Exploiting machine-learning to provide dynamical, microphysical, radiative and electrifying insight from observations of deep convective cloud

The equilibrium climate sensitivity (i.e. the warming from a doubling of CO2) is a fundamental metric for assessing the risks arising from CO2 emissions. Yet the plausible values of climate sensitivity have remained stubbornly uncertain for 40 years, with cloud feedbacks a particularly uncertain component (Sherwood et al., 2020).

Tropical high cloud (e.g. anvils), produced by deep convection, is an important cloud type when it comes to feedbacks. The IPCC Assessment Report 6 recently assessed there to be a negative feedback from tropical high cloud amount (Forster et al., 2021). This, however, came with low confidence that arises, in part, from the lack of understanding of the response of microphysics and turbulence to warming. Cloud ice microphysics is particularly poorly parametrised.

In July-August 2022, the DCMEX campaign successfully collected a vast set of observations of developing convective clouds over the Magdalena Mountains, New Mexico. The FAAM BAe-146 aircraft measured cloud microphysics and dynamics within the clouds whilst Doppler radars and automated cameras monitored the development of the clouds from nearby. Aerosol measurements, including of Ice Nucleating Particles (INP), were collected on the aircraft and at Langmuir Laboratory on the summit of the mountain range. This extensive dataset can now be analysed in combination with satellite data and modelling with the recently developed Met Office Unified Model CASIM microphysics scheme. Altogether, the data will support the reduction of climate sensitivity uncertainty by improving the representation of microphysical processes in global climate models.

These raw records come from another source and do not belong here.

Lemma sum_n_RtoC (a : nat -> R) N : sum_n (fun k => RtoC (a k)) N = RtoC (sum_n a N).
Proof.
  induction N as [|N IH]; [rewrite !sum_O; reflexivity|].
  rewrite !sum_Sn, IH; symmetry; apply RtoC_plus.
Qed.

Lemma sum_n_Cmod_le (a : nat -> C) (b : nat -> R) :
  (forall n, Cmod (a n) <= b n) -> forall N, Cmod (sum_n a N) <= sum_n b N.
Proof.
  intros H N; induction N as [|N IH]; [rewrite !sum_O; apply H|].
  rewrite !sum_Sn; eapply Rle_trans; [apply Cmod_triangle|]; apply Rplus_le_compat; auto.
Qed.

Lemma is_series_Cmod_le (a : nat -> C) (b : nat -> R) la lb :
  is_series a la -> is_series b lb -> (forall n, Cmod (a n) <= b n) -> Cmod la <= lb.
Proof.
  intros Ha Hb H.
  assert (Hn : is_lim_seq (fun N => Cmod (sum_n a N)) (Cmod la)).
  { eapply filterlim_comp; [exact Ha|apply (filterlim_norm (V := C_NormedModule))]. }
  assert (Hb' : is_lim_seq (sum_n b) lb) by exact Hb.
  exact (is_lim_seq_le _ _ _ _ (sum_n_Cmod_le a b H) Hn Hb').
Qed.

Lemma ex_series_Cmod_le (a : nat -> C) (b : nat -> R) lb :
  (forall n, Cmod (a n) <= b n) -> is_series b lb -> ex_series a.
Proof.
  intros H Hb; apply (ex_series_le (V := C_CompleteNormedModule)) with b; [exact H|].
  exists lb; exact Hb.
Qed.

Lemma is_series_C_unique (a : nat -> C) l1 l2 : is_series a l1 -> is_series a l2 -> l1 = l2.
Proof. intros H1 H2; exact (filterlim_locally_unique (F := eventually) _ _ _ H1 H2). Qed.

Definition Csum (a : nat -> C) : C := epsilon (inhabits (RtoC 0)) (fun l => is_series a l).

Lemma Csum_correct (a : nat -> C) : ex_series a -> is_series a (Csum a).
Proof. apply epsilon_spec. Qed.

Lemma Csum_unique (a : nat -> C) l : is_series a l -> Csum a = l.
Proof. intros H; apply (is_series_C_unique a); [apply Csum_correct; exists l|]; exact H. Qed.

Lemma is_series_RtoC (a : nat -> R) l :
  is_series a l -> is_series (fun k => RtoC (a k)) (RtoC l).
Proof.
  intros H; unfold is_series.
  apply filterlim_ext with (fun N => RtoC (sum_n a N)); [intros N; symmetry; apply sum_n_RtoC|].
  apply filterlim_comp with (1 := H).
  intros P [e He]; exists e; intros y Hy; apply He.
  split; [exact Hy|apply ball_center].
Qed.

Lemma is_series_sum_n {K : AbsRing} {V : NormedModule K} (f : nat -> nat -> V) (l : nat -> V) m :
  (forall j, (j <= m)%nat -> is_series (f j) (l j)) ->
  is_series (fun k => sum_n (fun j => f j k) m) (sum_n l m).
Proof.
  induction m as [|m IH]; intros H.
  - rewrite sum_O; eapply is_series_ext; [|apply H; lia]; intros; rewrite sum_O; reflexivity.
  - rewrite sum_Sn; eapply is_series_ext;
      [|apply is_series_plus; [apply IH; intros; apply H; lia|apply H; lia]].
    intros; rewrite sum_Sn; reflexivity.
Qed.

Lemma is_series_half_pow : is_series (fun k => (1/2)^k) 2.
Proof.
  assert (H := is_series_geom (1/2) ltac:(rewrite Rabs_pos_eq; lra)).
  replace (/ (1 - 1/2)) with 2 in H by field; exact H.
Qed.

Lemma finite_upper_bound (f : nat -> R) (K : nat) :
  exists A, forall i, (i <= K)%nat -> f i <= A.
Proof.
  induction K as [|K [A HA]].
  - exists (f 0%nat); intros i Hi; replace i with 0%nat by lia; lra.
  - exists (Rmax A (f (S K))); intros i Hi.
    destruct (Nat.eq_dec i (S K)) as [->|Hne]; [apply Rmax_r|].
    eapply Rle_trans; [apply HA; lia|apply Rmax_l].
Qed.

Lemma finite_lower_bound_pos (f : nat -> R) (K : nat) : (forall i, 0 < f i) ->
  exists d, 0 < d /\ d <= 1 /\ forall i, (i <= K)%nat -> d <= f i.
Proof.
  intros Hf; induction K as [|K (d & Hd & Hd1 & HdK)].
  - exists (Rmin 1 (f 0%nat)); split; [apply Rmin_pos; auto; lra|split; [apply Rmin_l|]].
    intros i Hi; replace i with 0%nat by lia; apply Rmin_r.
  - exists (Rmin d (f (S K))); split; [apply Rmin_pos; auto|split].
    + eapply Rle_trans; [apply Rmin_l|exact Hd1].
    + intros i Hi; destruct (Nat.eq_dec i (S K)) as [->|Hne]; [apply Rmin_r|].
      eapply Rle_trans; [apply Rmin_l|apply HdK; lia].
Qed.

Lemma geometric_domination (p : nat -> R) (K : nat) :
  (forall k, (K <= k)%nat -> p (S k) <= p k / 2) -> exists A, forall k, p k <= A * (1/2)^k.
Proof.
  intros H; destruct (finite_upper_bound (fun i => p i * 2^i) K) as [A HA].
  exists A.
  assert (Hscale : forall i, p i = p i * 2^i * (1/2)^i).
  { intros i; rewrite Rmult_assoc, <- Rpow_mult_distr.
    replace (2 * (1/2)) with 1 by field; rewrite pow1; ring. }
  assert (Hpos : forall i, 0 < (1/2)^i) by (intros; apply pow_lt; lra).
  induction k as [|k IH].
  - rewrite (Hscale 0%nat); apply Rmult_le_compat_r; [left; apply Hpos|apply HA; lia].
  - destruct (le_lt_dec (S k) K) as [Hk|Hk].
    + rewrite (Hscale (S k)); apply Rmult_le_compat_r; [left; apply Hpos|apply HA; lia].
    + eapply Rle_trans; [apply H; lia|]; simpl; lra.
Qed.

Lemma Cmod_eq_0_of_geometric_bound (z : C) (A : R) (N : nat) :
  (forall n, (N <= n)%nat -> Cmod z <= A * (1/2)^n) -> z = 0.
Proof.
  intros H; apply Cmod_eq_0, Rle_antisym; [|apply Cmod_ge_0].
  assert (Hlim : is_lim_seq (fun n => A * (1/2)^n) (A * 0)).
  { apply (is_lim_seq_scal_l _ A 0), is_lim_seq_geom; rewrite Rabs_pos_eq; lra. }
  rewrite Rmult_0_r in Hlim.
  exact (is_lim_seq_le_loc (fun _ => Cmod z) _ (Cmod z) 0 (ex_intro _ N H)
           (is_lim_seq_const _) Hlim).
Qed.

Detailed observations of aerosol and imagery of cloud ice particles have been obtained which contain a great complexity of information. The characteristics of aerosol, and the size and shape of ice particles, as well as their position within the cloud, modify the microphysical processes and cloud radiative effect in different ways (Voigtländer et al., 2018; Gasparini et al., 2019; Diedenhoven et al, 2020). The complexity of the aerosol and ice processes, and the cloud response, justifies using novel analysis techniques, such as machine learning, to gain insight.

The PhD candidate will build upon ongoing DCMEX research by exploring a range of analysis techniques. An initial focus will be on what can be learned from both supervised and unsupervised machine learning techniques, which are fast becoming key tools in the study of clouds and climate (Gagne et al., 2017; Beucler et al., 2021; Kashinath et al, 2021;,Gettelman et al., 2021). Initially, the work will focus on understanding the ice particle formation processes to support the development of the UM-CASIM model. The research will then expand to relate the dynamical-microphysical processes to impacts on radiation, and also electrification of storms. By extending the analysis to consider electrification, we build understanding of a globally measured variable, lightning, which is a key feature of the deep convective storms of interest. This is an opportunity not to be missed given the detailed satellite (GOES GLM) and ground-based lightning detection networks in operation over the DCMEX study region.

The following research questions will be addressed:
1) Can in-cloud ice images be categorised and related to their formation dynamics? And what role do INPs play in this?
2) Is machine-learning able to constrain UM-CASIM model parameters and processes using observations?
3) How is the radiation at the deep convective anvil affected by cloud dynamics and microphysics?
4) What is the relationship between lightning activity and cloud microphysics and dynamics?
5) Can lightning be used as an indicator of cloud processes that result in variations of anvil radiative properties?